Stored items
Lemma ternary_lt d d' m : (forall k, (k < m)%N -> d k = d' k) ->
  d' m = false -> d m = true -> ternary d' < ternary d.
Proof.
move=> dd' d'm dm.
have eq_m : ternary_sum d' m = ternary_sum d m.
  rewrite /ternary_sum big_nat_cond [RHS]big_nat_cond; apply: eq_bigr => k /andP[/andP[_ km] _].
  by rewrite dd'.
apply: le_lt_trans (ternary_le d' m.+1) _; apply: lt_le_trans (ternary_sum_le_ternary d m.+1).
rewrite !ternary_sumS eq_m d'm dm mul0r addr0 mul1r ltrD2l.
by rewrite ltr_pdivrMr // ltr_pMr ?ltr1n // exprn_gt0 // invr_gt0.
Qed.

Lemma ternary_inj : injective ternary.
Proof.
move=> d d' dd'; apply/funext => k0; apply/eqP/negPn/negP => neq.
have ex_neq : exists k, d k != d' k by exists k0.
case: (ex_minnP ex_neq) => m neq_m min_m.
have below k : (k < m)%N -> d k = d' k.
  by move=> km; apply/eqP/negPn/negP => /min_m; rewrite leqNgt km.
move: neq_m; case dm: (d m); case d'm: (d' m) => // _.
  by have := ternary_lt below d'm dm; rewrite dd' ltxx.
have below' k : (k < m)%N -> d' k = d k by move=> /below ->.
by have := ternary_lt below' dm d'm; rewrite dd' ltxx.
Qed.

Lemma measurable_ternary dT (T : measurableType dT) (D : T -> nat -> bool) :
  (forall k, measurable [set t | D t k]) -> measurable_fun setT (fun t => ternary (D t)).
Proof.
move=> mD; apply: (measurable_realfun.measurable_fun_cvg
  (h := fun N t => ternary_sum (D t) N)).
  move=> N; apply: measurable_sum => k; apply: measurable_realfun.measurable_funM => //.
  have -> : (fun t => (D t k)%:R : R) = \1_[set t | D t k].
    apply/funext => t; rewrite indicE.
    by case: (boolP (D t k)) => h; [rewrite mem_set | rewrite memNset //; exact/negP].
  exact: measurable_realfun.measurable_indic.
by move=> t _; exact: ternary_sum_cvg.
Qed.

→ What the exercise asks
Answer with a single number: the count of lines in the entries that hold the word "apply".

→ Answer to the problem
7